Please see github.com/anusha-murali for all of my repositories.
This is an elegant LeetCode problem (Problem # 977), which demonstrates the power of two pointers to reduce runtime.
Problem:
Given an integer array nums sorted in non-decreasing order, return an array of the squares of each number sorted in non-decreasing order.
Example 1:
Input: nums = [-4,-1,0,3,10]
Output: [0,1,9,16,100]
Explanation: After squaring, the array becomes [16,1,0,9,100]. After sorting, it becomes [0,1,9,16,100].
Example 2:
Input: nums = [-7,-3,2,3,11]
Output: [4,9,9,49,121]
Solution
Observation: Since negative numbers are found in asending order at the beginning of the array, their magnitude are larger initially and then they gradually decrease. When the numbers become positive, the magnitudes will gradually increase as we move toward the end of the array.

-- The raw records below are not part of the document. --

Lemma ears_avoid_large : ears_avoid F' -> ears_avoid F.
Proof.
move=> IH A HA; have [E1 [HE1 E1B earE1]] := IH _ HB.
have [E1F earF1] := ear_lift HE1 E1B earE1.
case: (eqVneq E1 A) => [eA|nA]; last by exists E1.
subst A; case: (boolP (B \subset X')) => BX'.
- have [E2 [HE2 E2E1 earE2]] := IH _ HE1.
  case: (eqVneq E2 B) => [eB|nB]; last first.
    by have [E2F earF2] := ear_lift HE2 nB earE2; exists E2.
  subst E2; exists X'; split; [exact: trace_in | | exact: ear_trace_swallow].
  by apply: contraNneq trace_notin => ->.
- exists X'; split; [exact: trace_in | | exact: ear_trace].
  by apply: contraNneq trace_notin => ->.
Qed.

End InducedEar.

Lemma ear_reducible_ears_avoid M : ear_reducible M ->
  forall W, 1 < #|red (ind W M)| -> ears_avoid (red (ind W M)).
Proof.
elim => {M} [|X|M X [HX [Y [HY YX HE]]] _ IH] W HF.
- suff : red (ind W set0) = set0 by move=> e; rewrite e cards0 in HF.
  apply/setP => Z; rewrite in_set0; apply/negP.
  by case/red_ind_elem => _ [G]; rewrite in_set0.
- exfalso; move: HF; apply/negP; rewrite -leqNgt.
  suff /subset_leq_card : red (ind W [set X]) \subset [set X :&: W] by rewrite cards1.
  by apply/subsetP => Z /red_ind_elem [_ [G /set1P -> ->]]; rewrite set11.
case: (boolP ((X :&: W == set0) || [exists G in M :\ X, X :&: W \subset G :&: W])).
  by move=> Habs; rewrite (red_ind_absorbed Habs) in HF *; apply: IH.
rewrite negb_or => /andP[X'n0 /exists_inPn Hna].
have [B HB JB] := witness_cover HY YX HF.
case: (leqP #|red (ind W (M :\ X))| 1) => HF'.
  exact: ears_avoid_small HX X'n0 Hna HF HF'.
by apply: (ears_avoid_large HX HE X'n0 Hna HB JB); apply: IH.
Qed.

Lemma adjP E x y :
  reflect (exists2 D, D \in E & (x \in D) && (y \in D)) (adj E x y).
Proof.
by apply: (iffP exists_inP) => [[D HD xyD]|[D HD xyD]]; exists D.
Qed.

Lemma adj_csym E : connect_sym (adj E).
Proof.
apply: sym_connect_sym => x y.
by apply/adjP/adjP => -[D HD /andP[xD yD]]; exists D; rewrite ?xD ?yD.
Qed.

Lemma connect_closed E A :
  (forall x y, x \in A -> adj E x y -> y \in A) ->
  forall x y, x \in A -> connect (adj E) x y -> y \in A.
Proof.
move=> H x y xA /connectP [p Hp ->]; elim: p x xA Hp => //= z p IH x xA /andP[xz Hp].
exact: IH (H _ _ xA xz) Hp.
Qed.

Lemma ncomp_gt1 V E x1 x2 :
  x1 \in V -> x2 \in V -> ~~ connect (adj E) x1 x2 -> 1 < ncomp V E.
Proof.
move=> H1 H2 nc; apply/card_gt1P.
exists [set y in V | connect (adj E) x1 y], [set y in V | connect (adj E) x2 y].
split; [by apply/imsetP; exists x1 | by apply/imsetP; exists x2 |].
apply/eqP => /setP /(_ x2); rewrite !inE H2 connect0 /= => e.
by move: nc; rewrite e.
Qed.

Lemma ncomp_gt1_inv V E :
  1 < ncomp V E -> exists x1 x2, [/\ x1 \in V, x2 \in V & ~~ connect (adj E) x1 x2].
Proof.
case/card_gt1P => C1 [C2 [/imsetP [x1 Hx1 ->] /imsetP [x2 Hx2 ->] ne]].
exists x1, x2; split => //; apply: contra ne => Hc; apply/eqP/setP => y.
rewrite !inE; case: (y \in V) => //=; apply/idP/idP => H.
- by apply: connect_trans H; rewrite adj_csym.
- exact: connect_trans Hc H.
Qed.

Lemma closed_disconnected V E A x1 x2 :
  (forall x y, x \in A -> adj E x y -> y \in A) ->
  x1 \in V -> x1 \in A -> x2 \in V -> x2 \notin A -> 1 < ncomp V E.
Proof.
move=> HA H1 x1A H2 x2A; apply: (ncomp_gt1 H1 H2).
by apply: contra x2A; apply: connect_closed.
Qed.

Section EarArticulation.
Variables (W : {set T}) (F : {set {set T}}).
Hypotheses (Fanti : antichain F) (Fne : nonempty_edges F)
  (Fsub : forall G, G \in F -> G \subset W).
Variables (X Z : {set T}).
Hypotheses (HX : X \in F) (HZ : Z \in F) (ZX : Z != X)
  (HE : forall G, G \in F -> G != X -> X :&: G \subset Z).

(* an ear disjoint from its witness is a component on its own *)
Lemma ear_disjoint_disconnected : 1 < #|F| -> X :&: Z = set0 -> 1 < ncomp W F.
Proof.
move=> Hcard S0; have [G HG GX] := exists_other X Hcard.
have [x1 x1X] := set0Pn _ (Fne HX).
have /subsetPn [x2 x2G x2X] : ~~ (G \subset X).
  by apply: contra GX => /(Fanti HG HX) ->.
apply: (closed_disconnected (A := X) _ (subsetP (Fsub HX) _ x1X) x1X
          (subsetP (Fsub HG) _ x2G) x2X).
move=> x y xX /adjP [D HD /andP[xD yD]]; case: (eqVneq D X) => [<- //|DX].
have : x \in X :&: Z by rewrite inE xX (subsetP (HE HD DX)) // inE xX xD.
by rewrite S0 inE.
Qed.

(* removing the intersection with the witness separates X from Z *)
Lemma ear_separates :
  1 < ncomp (W :\: (X :&: Z)) (red (ind (W :\: (X :&: Z)) F)).
Proof.
have /subsetPn [x1 x1X x1Z] : ~~ (X \subset Z).
  by apply: contra ZX => /(Fanti HX HZ) ->.
have /subsetPn [x2 x2Z x2X] : ~~ (Z \subset X).
  by apply: contra ZX => /(Fanti HZ HX) ->.
apply: (closed_disconnected (A := X :\: (X :&: Z)) (x1 := x1) (x2 := x2)).
- move=> x y /setDP [xX xS] /adjP [D /red_ind_elem [_ [G HG eD]] /andP[xD yD]].
  subst D; move: xD yD; rewrite !inE => /andP[xG _] /and3P[yG yS yW].
  case: (eqVneq G X) => [eGX|GX]; first by subst G; rewrite yS yG.
  by move: xS; rewrite inE xX (subsetP (HE HG GX)) // inE xX xG.
- by rewrite !inE (negbTE x1Z) andbF (subsetP (Fsub HX)).
- by rewrite !inE (negbTE x1Z) andbF x1X.
- by rewrite !inE (negbTE x2X) (subsetP (Fsub HZ)).
- by rewrite !inE (negbTE x2X) andbF.
Qed.

Lemma ear_articulation : hconnected W F -> 1 < #|F| -> has_articulation W F.
Proof.
move=> /eqP Hc Hcard; apply/existsP; exists X; apply/existsP; exists Z.
rewrite /articulation HX HZ eq_sym ZX Hc ear_separates /= andbT.
apply/eqP => S0; have := ear_disjoint_disconnected Hcard S0.
by rewrite Hc.
Qed.

End EarArticulation.

Lemma ear_reducible_acyclic V M : ear_reducible M -> acyclic_reduced V M.
Proof.
move=> Hg W _ Hc Hcard; have [A [_ [HA _ _]]] := card_gt1P Hcard.
have [X [HX _ [_ [Z [HZ ZX HE]]]]] := ear_reducible_ears_avoid Hg Hcard HA.
apply: (ear_articulation (@red_anti _) _ _ HX HZ ZX HE) => //.
- by move=> G /red_ind_elem [].
- by move=> G /red_ind_sub.
Qed.

Definition component W S (H : {set {set T}}) (x : T) : {set T} :=
  [set y in W :\: S | connect (adj (red (ind (W :\: S) H))) x y].

Section Component.
Variables (W S : {set T}) (H : {set {set T}}).
Hypothesis Hsub : forall G, G \in H -> G \subset W.

Lemma component_adj G u v : G \in H -> u \in G -> v \in G -> u \notin S -> v \notin S ->
  adj (red (ind (W :\: S) H)) u v.
Proof.
move=> HG uG vG uS vS; have inW := subsetP (Hsub HG).
have Gi : G :&: (W :\: S) \in ind (W :\: S) H.
  by apply: ind_trace HG _; apply/set0Pn; exists u; rewrite !inE uG uS inW.
have [D HD GD] := red_cover Gi; apply/adjP; exists D => //.
by rewrite !(subsetP GD) // !inE ?uG ?vG ?uS ?vS ?inW.
Qed.

Lemma component_closed x G g v : G \in H -> g \in component W S H x ->
  g \in G -> v \in G -> v \notin S -> v \in component W S H x.
Proof.
move=> HG; rewrite !inE => /andP[/andP[gS gW] cg] gG vG vS.
rewrite vS (subsetP (Hsub HG) _ vG) /=.
exact: connect_trans cg (connect1 (component_adj HG gG vG gS vS)).
Qed.

Lemma component_edge x G g : G \in H -> g \in G -> g \in component W S H x ->
  G \subset component W S H x :|: S.
Proof.
move=> HG gG gC; apply/subsetP => v vG; rewrite inE.
case: (boolP (v \in S)) => vS; first by rewrite orbT.
by rewrite (component_closed HG gC gG vG vS).
Qed.

Lemma component_avoid A : A \in H -> 1 < ncomp (W :\: S) (red (ind (W :\: S) H)) ->
  exists c d, [/\ c \in W :\: S, d \in W :\: S, d \notin component W S H c &
                  [disjoint A & component W S H c]].
Proof.
move=> HA /ncomp_gt1_inv [x1 [x2 [H1 H2 nc]]].
case: (boolP [disjoint A & component W S H x1]) => Hd.
  by exists x1, x2; split => //; rewrite inE H2.
exists x2, x1; split => //; first by rewrite inE H1 /= adj_csym.
case/pred0Pn: Hd => a1 /andP[a1A a1c] /=.
rewrite disjoint_sym; apply/pred0P => a /=; apply/negP => /andP[ac aA].
have aS : a \notin S by move: ac; rewrite !inE => /andP[/andP[]].
have := component_closed HA a1c a1A aA aS; rewrite inE => /andP[_ c1].
move: ac; rewrite inE => /andP[_ c2]; move: nc; apply/negP; rewrite negbK.
by apply: connect_trans c1 _; rewrite adj_csym.
Qed.

Lemma component_proper x d : S \subset W -> d \in W :\: S ->
  d \notin component W S H x -> component W S H x :|: S \proper W.
Proof.
move=> SW Hd dC; rewrite properE subUset SW andbT; apply/andP; split.
  by apply/subsetP => y; rewrite !inE => /andP[/andP[]].
by apply/subsetPn; exists d; [case/setDP: Hd | rewrite inE negb_or dC; case/setDP: Hd].
Qed.

End Component.

Section ComponentEar.
Variables (W S : {set T}) (H : {set {set T}}).
Hypotheses (Hanti : antichain H) (Hsub : forall G, G \in H -> G \subset W)
  (Hcov : forall w, w \in W -> exists2 G, G \in H & w \in G).
Variables (X Y : {set T}) (c : T).
Hypotheses (HX : X \in H) (HY : Y \in H) (XY : X != Y)
  (SX : S \subset X) (SY : S \subset Y) (Hc : c \in W :\: S).
Local Notation C := (component W S H c).
Local Notation W' := (C :|: S).
Local Notation H' := (red (ind W' H)).

Lemma c_in_component : c \in C.
Proof. by rewrite inE Hc connect0. Qed.

Lemma component_edge_ind G g : G \in H -> g \in G -> g \in C -> G \in ind W' H.
Proof.
move=> HG gG gC; have GW' := component_edge Hsub HG gG gC.
have eG : G :&: W' = G := setIidPl GW'.
by rewrite -eG; apply: ind_trace HG _; rewrite eG; apply/set0Pn; exists g.
Qed.

Lemma component_cover w : w \in W' -> exists2 G, G \in H' & w \in G.
Proof.
rewrite inE => /orP[wC|wS].
- have wW : w \in W by move: wC; rewrite !inE => /andP[/andP[]].
  have [G HG wG] := Hcov wW.
  have [D HD GD] := red_cover (component_edge_ind HG wG wC).
  by exists D => //; apply: (subsetP GD).
- have XW' : X :&: W' \in ind W' H.
    by apply: ind_trace HX _; apply/set0Pn; exists w; rewrite !inE (subsetP SX) ?wS ?orbT.
  have [D HD XD] := red_cover XW'; exists D => //; apply: (subsetP XD).
  by rewrite !inE (subsetP SX) ?wS ?orbT.
Qed.
(* Let $\gamma>1$, $J>0$, $S_0>0$ be constants, put $u_s:=(\gamma S_0J^{\gamma-1})^{1/(\gamma+1)}$, let $\bar u_i>0$ and $\bar\rho_i:=J/\bar u_i$, and assume $\zeta_0:=\bar u_i/u_s>1$. Define, for $u>0$, $$H(u):=\int_{u_s}^{u}\frac{J}{\bar u_i\,t^{\gamma+1}}\,(t^{\gamma+1}-u_s^{\gamma+1})(\bar u_i-t)\,dt,$$ and let $\mathcal T_{\rm acc}:=\{(u,E): u>0,\ \tfrac12E^2-H(u)=0,\ (u-u_s)E\ge 0\}$. Then for any fixed $(u_0,E_0)\in\mathcal T_{\rm acc}$ with $u_0<u_s$, there exists a finite constant $l_{\max}>0$ depending only on $(\gamma,J,S_0,\bar u_i,u_0)$ such that the initial value problem $$\bar u_1'=\frac{\bar E\,\bar u_1^{\gamma}}{\bar u_1^{\gamma+1}-u_s^{\gamma+1}},\qquad \bar E'=\frac{J}{\bar u_1}-\bar\rho_i\quad (x_1>0),\qquad (\bar u_1,\bar E)(0)=(u_0,E_0)$$ has a unique smooth solution for $x_1\in[0,l_{\max})$ satisfying: (i) $\bar u_1'(x_1)>0$ on $[0,l_{\max})$; (ii) $\lim_{x_1\to l_{\max}-}\bar u_1'(x_1)=0$; (iii) $\mathcal T_{\rm acc}\cap\{(\bar u_1,\bar E)(x_1):0\le x_1\le l_{\max}\}=\mathcal T_{\rm acc}\cap\{(u,E):u\ge u_0\}$; (iv) there exists a unique constant $\ell_s\in(0,l_{\max})$, depending only on $(\gamma,J,S_0,\bar u_i,u_0)$, such that $\bar u_1(x_1)<u_s$ for $x_1<\ell_s$, $\bar u_1(\ell_s)=u_s$, and $\bar u_1(x_1)>u_s$ for $x_1>\ell_s$. *)

From Stdlib Require Export Reals.
From Coquelicot Require Export Coquelicot.
Open Scope R_scope.

Definition u_s (gamma J S0 : R) : R :=
  Rpower (gamma * S0 * Rpower J (gamma - 1)) (1 / (gamma + 1)).

Definition H_fun (gamma J S0 ubi : R) (u : R) : R :=
  RInt (fun t => J / (ubi * Rpower t (gamma + 1))
                 * (Rpower t (gamma + 1) - Rpower (u_s gamma J S0) (gamma + 1))
                 * (ubi - t))
       (u_s gamma J S0) u.

Definition T_acc (gamma J S0 ubi : R) (u E : R) : Prop :=
  0 < u /\ E ^ 2 / 2 - H_fun gamma J S0 ubi u = 0 /\
  0 <= (u - u_s gamma J S0) * E.

Definition has_deriv_within (A : R -> Prop) (f : R -> R) (x l : R) : Prop :=
  filterlim (fun y => (f y - f x) / (y - x))
            (within (fun y => A y /\ y <> x) (locally x)) (locally l).

Definition smooth_on (A : R -> Prop) (f : R -> R) : Prop :=
  exists D : nat -> R -> R,
    (forall x, A x -> D O x = f x) /\
    (forall (n : nat) x, A x -> has_deriv_within A (D n) x (D (S n) x)).

Definition Ico (a b : R) (x : R) : Prop := a <= x < b.

(* (u,E) is a smooth (positive) solution of the IVP on [0,l).
   The u-equation is imposed where its right-hand side is defined (u <> u_s). *)
Definition is_solution (gamma J S0 ubi u0 E0 l : R) (u E : R -> R) : Prop :=
  smooth_on (Ico 0 l) u /\ smooth_on (Ico 0 l) E /\
  (forall x, 0 <= x < l -> 0 < u x) /\
  u 0 = u0 /\ E 0 = E0 /\
  (forall x, 0 < x < l -> u x <> u_s gamma J S0 ->
     is_derive u x (E x * Rpower (u x) gamma /
                    (Rpower (u x) (gamma + 1) - Rpower (u_s gamma J S0) (gamma + 1)))) /\
  (forall x, 0 < x < l -> is_derive E x (J / u x - J / ubi)).

(* On [T_acc] the energy relation [E^2/2 = H(u)] with the sign condition selects the branch
   [E = E_of u := (u - u_s) sqrt (2 K u)], where [K = H / (u - u_s)^2] is smooth and positive
   on [(0, umax)]: [H] has a double zero at the sonic point [u_s] and its next zero [umax]
   lies beyond [ubi].  On this branch the equation for [u] becomes [u' = du_of u :=
   sqrt (2 K u) u^gamma / M u] with [M u = (u^(gamma+1) - u_s^(gamma+1)) / (u - u_s)], which
   is smooth and positive across [u_s].  The solution is therefore the inverse of
   [x_of w = ∫_{u0}^{w} dt / du_of t]; since [du_of] vanishes like [sqrt (umax - u)], [x_of]
   stays bounded and [lmax = sup x_of] is finite.  Uniqueness: a solution conserves
   [F^2 - 2 H(v)], hence stays on the branch while [v <> u_s], so [x_of (v y) - y] is
   constant; it crosses [u_s] because there [v' > 0] and [F' > 0]. *)

From Stdlib Require Import Lra Lia Classical ClassicalEpsilon.
Open Scope R_scope.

Therefore, we use two pointers, namely left
and right
to traverse from the beginning of the array and end of the array respectively. We will compare their magnitudes (absolute values) and place them at the right positions in the output array called squares
, which is initialized with zeroes.
def sortedSequence(nums):
squares = [0]*len(nums)
left = 0
right = len(nums) - 1
for i in range(len(nums)):
if abs(nums[left]) > abs(nums[right]):
squares[len(nums)-i-1] = nums[left]**2
left += 1
else:
squares[len(nums)-i-1] = nums[right]**2
right -= 1
return squares
Runtime: Since the for
loop is iterating $n$ times, the runtime is $O(n)$. The space complexity is also $O(n)$, as we are using
a list of size $n$ to store the squares.